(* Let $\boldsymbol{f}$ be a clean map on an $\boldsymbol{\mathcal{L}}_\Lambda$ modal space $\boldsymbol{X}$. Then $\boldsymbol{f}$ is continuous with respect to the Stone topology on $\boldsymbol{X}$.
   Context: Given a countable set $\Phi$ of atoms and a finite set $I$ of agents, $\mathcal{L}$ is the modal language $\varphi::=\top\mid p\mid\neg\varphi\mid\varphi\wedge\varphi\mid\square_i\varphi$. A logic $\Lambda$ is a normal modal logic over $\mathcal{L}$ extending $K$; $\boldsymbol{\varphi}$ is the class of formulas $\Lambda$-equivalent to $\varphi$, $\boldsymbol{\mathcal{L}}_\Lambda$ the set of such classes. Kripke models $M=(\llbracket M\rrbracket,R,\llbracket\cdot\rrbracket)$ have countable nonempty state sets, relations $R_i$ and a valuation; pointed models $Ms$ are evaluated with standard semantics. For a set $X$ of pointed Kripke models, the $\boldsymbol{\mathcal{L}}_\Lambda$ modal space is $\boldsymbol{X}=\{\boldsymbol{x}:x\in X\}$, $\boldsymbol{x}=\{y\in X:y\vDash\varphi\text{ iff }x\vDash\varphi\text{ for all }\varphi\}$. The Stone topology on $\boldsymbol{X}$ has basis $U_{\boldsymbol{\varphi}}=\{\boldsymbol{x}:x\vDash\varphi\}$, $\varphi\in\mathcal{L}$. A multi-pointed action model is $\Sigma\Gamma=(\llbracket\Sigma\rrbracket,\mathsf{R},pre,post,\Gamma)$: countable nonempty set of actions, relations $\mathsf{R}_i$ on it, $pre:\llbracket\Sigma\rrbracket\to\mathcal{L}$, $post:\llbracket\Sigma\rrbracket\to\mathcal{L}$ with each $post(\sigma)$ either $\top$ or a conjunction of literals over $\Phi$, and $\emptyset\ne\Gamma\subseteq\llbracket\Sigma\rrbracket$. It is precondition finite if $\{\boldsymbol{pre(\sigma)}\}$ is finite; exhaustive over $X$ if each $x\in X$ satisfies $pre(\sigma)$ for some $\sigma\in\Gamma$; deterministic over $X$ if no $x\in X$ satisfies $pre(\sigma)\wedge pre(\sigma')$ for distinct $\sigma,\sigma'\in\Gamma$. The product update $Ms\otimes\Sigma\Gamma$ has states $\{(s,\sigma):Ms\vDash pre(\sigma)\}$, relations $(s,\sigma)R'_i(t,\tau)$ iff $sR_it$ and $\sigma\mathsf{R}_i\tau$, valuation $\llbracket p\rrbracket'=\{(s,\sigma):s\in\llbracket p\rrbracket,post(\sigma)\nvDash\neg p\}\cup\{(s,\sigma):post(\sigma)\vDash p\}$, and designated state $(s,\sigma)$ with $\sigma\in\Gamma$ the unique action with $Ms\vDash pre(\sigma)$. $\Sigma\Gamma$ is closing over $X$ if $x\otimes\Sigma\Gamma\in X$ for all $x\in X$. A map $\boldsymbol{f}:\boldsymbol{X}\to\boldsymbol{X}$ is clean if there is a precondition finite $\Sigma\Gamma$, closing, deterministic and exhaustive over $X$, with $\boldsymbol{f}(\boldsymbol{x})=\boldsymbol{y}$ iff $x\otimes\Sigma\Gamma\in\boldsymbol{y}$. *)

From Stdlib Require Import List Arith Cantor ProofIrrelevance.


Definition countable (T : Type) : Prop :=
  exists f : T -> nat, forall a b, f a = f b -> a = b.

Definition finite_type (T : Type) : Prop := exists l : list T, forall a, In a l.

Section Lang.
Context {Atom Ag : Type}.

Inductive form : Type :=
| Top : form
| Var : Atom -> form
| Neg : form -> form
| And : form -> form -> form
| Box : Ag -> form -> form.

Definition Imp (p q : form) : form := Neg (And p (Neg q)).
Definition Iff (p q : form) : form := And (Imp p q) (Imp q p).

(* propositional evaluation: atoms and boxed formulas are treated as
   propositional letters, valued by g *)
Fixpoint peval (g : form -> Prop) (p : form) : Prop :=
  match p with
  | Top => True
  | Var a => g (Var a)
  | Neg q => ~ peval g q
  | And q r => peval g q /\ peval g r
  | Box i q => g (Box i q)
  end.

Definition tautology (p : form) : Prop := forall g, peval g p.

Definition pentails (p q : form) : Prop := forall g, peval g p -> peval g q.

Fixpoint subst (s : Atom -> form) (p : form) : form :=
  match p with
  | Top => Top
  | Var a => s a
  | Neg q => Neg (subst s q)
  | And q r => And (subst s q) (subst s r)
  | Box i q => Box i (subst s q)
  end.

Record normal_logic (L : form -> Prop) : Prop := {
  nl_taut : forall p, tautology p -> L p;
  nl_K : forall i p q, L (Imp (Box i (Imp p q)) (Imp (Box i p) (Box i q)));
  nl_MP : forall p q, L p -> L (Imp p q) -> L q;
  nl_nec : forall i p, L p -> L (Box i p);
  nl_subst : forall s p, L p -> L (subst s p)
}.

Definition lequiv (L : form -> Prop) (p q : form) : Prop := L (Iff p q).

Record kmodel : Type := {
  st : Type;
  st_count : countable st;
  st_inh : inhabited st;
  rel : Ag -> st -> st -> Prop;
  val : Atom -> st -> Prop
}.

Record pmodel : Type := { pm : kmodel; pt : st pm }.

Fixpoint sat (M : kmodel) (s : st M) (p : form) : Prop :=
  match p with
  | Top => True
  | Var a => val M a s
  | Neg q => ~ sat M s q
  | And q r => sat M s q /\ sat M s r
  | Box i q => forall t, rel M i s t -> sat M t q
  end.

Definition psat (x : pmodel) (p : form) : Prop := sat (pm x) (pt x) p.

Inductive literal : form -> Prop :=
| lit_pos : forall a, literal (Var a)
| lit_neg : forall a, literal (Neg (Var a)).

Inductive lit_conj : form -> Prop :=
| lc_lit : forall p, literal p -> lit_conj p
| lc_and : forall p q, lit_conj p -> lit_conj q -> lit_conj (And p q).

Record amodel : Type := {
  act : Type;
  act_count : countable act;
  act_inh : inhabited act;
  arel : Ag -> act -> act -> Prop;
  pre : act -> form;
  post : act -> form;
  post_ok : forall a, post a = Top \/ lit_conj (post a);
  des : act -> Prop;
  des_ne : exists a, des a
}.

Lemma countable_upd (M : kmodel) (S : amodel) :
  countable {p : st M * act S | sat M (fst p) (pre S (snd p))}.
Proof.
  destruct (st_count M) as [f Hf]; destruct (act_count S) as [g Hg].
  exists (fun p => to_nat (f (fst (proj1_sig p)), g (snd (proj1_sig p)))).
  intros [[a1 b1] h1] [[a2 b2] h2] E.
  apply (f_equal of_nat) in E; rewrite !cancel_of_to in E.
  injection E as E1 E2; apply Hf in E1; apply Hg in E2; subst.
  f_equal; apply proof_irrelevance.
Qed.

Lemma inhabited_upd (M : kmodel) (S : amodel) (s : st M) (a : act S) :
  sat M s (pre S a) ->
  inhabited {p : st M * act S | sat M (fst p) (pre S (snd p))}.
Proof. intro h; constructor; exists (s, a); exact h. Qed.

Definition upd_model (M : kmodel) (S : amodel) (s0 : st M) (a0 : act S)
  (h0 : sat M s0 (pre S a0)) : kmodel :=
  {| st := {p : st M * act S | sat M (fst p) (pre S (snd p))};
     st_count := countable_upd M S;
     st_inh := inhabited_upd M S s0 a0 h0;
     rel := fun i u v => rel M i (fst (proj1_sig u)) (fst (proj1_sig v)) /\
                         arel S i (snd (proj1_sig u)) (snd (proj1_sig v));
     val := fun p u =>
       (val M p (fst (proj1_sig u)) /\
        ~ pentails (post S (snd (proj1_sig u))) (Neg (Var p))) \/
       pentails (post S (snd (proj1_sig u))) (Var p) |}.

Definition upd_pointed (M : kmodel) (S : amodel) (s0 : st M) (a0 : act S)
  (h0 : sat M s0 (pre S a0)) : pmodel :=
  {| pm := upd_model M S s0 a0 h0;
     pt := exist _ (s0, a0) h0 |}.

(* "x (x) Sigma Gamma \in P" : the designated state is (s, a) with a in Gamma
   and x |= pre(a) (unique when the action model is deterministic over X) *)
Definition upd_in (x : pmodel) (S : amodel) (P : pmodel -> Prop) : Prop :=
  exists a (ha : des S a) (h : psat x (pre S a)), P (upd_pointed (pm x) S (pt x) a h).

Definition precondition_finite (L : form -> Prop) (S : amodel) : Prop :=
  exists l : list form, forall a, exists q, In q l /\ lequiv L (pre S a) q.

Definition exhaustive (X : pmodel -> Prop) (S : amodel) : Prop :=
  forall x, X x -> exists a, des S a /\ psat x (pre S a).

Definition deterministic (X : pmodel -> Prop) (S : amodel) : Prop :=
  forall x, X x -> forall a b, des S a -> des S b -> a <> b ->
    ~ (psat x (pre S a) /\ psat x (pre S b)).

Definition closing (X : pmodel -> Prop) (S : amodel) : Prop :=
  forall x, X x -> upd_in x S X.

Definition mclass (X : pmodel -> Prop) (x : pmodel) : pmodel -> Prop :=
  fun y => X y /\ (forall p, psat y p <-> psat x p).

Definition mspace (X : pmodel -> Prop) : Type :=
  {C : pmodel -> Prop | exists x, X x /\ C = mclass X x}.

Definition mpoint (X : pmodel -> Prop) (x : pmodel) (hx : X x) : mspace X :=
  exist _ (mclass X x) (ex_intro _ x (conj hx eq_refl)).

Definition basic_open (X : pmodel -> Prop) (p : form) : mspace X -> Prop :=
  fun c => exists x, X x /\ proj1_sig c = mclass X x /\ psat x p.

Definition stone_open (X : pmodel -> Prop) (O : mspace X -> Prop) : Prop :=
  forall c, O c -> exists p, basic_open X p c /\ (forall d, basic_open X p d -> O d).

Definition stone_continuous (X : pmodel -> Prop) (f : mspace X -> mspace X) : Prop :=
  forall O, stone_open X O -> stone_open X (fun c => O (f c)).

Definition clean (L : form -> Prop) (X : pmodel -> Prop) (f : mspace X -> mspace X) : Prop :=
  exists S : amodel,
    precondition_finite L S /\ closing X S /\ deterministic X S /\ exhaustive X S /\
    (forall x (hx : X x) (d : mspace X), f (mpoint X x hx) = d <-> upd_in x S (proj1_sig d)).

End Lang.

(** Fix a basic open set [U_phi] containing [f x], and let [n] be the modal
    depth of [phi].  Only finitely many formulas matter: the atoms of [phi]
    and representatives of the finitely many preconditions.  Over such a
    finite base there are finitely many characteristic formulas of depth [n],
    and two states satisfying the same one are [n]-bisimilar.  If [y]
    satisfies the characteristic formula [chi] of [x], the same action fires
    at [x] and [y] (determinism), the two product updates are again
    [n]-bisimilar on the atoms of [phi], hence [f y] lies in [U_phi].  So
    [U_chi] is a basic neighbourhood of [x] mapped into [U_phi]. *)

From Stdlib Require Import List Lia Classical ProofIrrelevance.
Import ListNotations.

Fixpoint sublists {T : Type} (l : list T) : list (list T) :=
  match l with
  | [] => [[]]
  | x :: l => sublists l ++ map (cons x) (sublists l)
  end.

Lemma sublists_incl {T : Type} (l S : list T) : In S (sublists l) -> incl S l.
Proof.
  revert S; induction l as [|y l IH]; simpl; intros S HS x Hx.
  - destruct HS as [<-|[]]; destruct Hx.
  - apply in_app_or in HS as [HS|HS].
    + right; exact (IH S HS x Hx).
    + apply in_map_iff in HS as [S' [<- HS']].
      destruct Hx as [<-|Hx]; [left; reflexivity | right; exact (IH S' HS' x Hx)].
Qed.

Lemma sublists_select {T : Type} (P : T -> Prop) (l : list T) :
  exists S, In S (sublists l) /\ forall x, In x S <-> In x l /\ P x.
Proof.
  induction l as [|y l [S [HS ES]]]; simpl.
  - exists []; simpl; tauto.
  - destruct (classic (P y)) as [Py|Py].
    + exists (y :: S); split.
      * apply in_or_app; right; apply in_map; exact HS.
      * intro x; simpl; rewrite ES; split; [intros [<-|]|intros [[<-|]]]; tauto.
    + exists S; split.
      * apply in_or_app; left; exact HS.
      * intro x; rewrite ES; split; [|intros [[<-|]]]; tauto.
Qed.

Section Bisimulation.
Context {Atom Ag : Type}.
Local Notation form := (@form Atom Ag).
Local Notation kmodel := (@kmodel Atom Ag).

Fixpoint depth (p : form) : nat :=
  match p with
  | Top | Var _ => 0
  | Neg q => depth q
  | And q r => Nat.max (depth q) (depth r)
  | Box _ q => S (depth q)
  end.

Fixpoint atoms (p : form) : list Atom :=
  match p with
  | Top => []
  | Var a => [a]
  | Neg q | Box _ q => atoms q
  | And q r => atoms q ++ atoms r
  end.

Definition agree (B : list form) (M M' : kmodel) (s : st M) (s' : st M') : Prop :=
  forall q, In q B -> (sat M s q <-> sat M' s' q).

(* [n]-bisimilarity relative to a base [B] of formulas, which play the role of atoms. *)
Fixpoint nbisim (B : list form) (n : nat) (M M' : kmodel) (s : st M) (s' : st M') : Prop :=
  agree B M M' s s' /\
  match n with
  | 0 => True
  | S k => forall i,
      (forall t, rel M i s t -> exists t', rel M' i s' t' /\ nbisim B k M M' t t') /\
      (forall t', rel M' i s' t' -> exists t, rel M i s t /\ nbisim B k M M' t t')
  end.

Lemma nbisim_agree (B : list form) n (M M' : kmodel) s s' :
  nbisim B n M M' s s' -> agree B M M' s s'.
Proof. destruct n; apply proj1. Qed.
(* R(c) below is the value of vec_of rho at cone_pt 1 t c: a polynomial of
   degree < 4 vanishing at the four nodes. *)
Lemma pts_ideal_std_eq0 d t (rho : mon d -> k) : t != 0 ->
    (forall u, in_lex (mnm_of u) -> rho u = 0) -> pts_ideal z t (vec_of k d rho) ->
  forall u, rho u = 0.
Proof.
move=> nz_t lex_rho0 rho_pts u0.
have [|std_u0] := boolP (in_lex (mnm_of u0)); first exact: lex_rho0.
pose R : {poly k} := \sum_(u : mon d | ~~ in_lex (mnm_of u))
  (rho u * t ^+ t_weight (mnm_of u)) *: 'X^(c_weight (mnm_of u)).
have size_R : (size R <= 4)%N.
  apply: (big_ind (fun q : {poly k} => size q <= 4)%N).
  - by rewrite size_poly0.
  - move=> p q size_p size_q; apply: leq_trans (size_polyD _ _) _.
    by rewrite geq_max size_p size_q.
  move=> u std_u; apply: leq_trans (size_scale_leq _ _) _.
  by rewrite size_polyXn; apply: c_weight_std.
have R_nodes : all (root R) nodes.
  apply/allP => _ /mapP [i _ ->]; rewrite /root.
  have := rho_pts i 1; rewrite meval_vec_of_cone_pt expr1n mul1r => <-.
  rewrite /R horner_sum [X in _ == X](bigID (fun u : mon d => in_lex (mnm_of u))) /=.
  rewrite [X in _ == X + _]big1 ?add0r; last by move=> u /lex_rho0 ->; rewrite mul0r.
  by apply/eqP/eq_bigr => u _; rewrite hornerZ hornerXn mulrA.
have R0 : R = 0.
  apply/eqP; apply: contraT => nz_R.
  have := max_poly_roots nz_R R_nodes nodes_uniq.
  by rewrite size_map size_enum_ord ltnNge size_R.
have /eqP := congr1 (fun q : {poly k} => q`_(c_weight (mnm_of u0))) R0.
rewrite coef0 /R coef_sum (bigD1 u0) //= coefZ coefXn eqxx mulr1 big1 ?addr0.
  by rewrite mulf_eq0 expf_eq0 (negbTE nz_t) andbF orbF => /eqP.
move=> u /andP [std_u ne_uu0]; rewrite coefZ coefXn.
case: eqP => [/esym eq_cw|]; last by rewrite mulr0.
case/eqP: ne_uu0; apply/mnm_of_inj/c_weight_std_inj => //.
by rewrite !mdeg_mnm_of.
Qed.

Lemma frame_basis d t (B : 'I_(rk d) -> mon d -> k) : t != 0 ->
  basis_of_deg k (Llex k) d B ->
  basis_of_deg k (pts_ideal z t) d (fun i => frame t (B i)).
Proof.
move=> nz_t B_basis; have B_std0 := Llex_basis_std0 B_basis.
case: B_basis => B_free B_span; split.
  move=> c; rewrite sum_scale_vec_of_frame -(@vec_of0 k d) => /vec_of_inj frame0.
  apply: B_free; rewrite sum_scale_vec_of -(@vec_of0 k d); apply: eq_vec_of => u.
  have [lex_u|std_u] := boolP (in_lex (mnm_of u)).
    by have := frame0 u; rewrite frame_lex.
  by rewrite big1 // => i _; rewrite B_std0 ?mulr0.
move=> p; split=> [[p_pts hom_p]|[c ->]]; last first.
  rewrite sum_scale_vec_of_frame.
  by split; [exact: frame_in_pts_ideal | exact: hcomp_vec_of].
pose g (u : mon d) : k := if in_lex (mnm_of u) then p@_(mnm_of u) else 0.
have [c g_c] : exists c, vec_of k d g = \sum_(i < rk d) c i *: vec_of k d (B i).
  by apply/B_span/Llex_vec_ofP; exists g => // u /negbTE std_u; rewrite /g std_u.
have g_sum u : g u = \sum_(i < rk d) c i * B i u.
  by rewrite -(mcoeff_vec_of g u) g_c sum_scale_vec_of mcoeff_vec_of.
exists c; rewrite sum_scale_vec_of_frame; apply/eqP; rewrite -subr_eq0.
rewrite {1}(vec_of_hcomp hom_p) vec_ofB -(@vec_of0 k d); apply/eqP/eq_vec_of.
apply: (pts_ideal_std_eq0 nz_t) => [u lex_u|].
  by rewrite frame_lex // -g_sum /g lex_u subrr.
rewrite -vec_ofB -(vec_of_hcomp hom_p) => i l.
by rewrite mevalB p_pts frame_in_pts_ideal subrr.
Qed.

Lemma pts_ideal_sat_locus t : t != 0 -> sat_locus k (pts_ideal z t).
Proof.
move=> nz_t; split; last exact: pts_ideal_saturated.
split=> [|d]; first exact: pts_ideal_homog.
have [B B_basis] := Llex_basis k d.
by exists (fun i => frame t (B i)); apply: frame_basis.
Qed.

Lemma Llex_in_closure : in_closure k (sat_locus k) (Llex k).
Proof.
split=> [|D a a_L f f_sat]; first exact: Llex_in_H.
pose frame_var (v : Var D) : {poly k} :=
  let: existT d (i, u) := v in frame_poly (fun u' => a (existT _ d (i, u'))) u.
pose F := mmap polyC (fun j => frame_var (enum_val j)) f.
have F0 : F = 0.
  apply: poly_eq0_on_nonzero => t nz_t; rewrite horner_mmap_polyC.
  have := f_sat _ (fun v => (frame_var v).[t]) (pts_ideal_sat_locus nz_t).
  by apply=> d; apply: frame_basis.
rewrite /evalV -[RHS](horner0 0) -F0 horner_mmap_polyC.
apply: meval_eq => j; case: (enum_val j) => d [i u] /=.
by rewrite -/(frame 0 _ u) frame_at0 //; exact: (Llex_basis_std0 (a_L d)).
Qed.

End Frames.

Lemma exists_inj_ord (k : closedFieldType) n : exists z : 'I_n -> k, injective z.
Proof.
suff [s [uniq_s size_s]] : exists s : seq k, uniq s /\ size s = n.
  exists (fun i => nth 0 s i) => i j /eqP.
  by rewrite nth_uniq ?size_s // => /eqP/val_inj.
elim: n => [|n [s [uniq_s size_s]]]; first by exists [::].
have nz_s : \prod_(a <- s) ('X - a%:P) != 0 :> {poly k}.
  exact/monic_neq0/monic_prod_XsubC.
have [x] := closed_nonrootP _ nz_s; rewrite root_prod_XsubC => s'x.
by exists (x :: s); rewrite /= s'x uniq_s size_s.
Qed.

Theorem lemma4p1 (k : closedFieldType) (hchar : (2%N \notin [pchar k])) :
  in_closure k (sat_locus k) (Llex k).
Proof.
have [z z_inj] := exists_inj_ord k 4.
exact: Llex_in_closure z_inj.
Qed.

□ □ □ □ □

* REQUIRED WORK *
When you reach the line in the material above that holds "move=> p; split=>", begin reproducing lines exactly, and stop after the line that holds "by apply/B_span/Llex_vec_ofP; exists".

* ANSWER SECTION *
move=> p; split=> [[p_pts hom_p]|[c ->]]; last first.
  rewrite sum_scale_vec_of_frame.
  by split; [exact: frame_in_pts_ideal | exact: hcomp_vec_of].
pose g (u : mon d) : k := if in_lex (mnm_of u) then p@_(mnm_of u) else 0.
have [c g_c] : exists c, vec_of k d g = \sum_(i < rk d) c i *: vec_of k d (B i).
  by apply/B_span/Llex_vec_ofP; exists g => // u /negbTE std_u; rewrite /g std_u.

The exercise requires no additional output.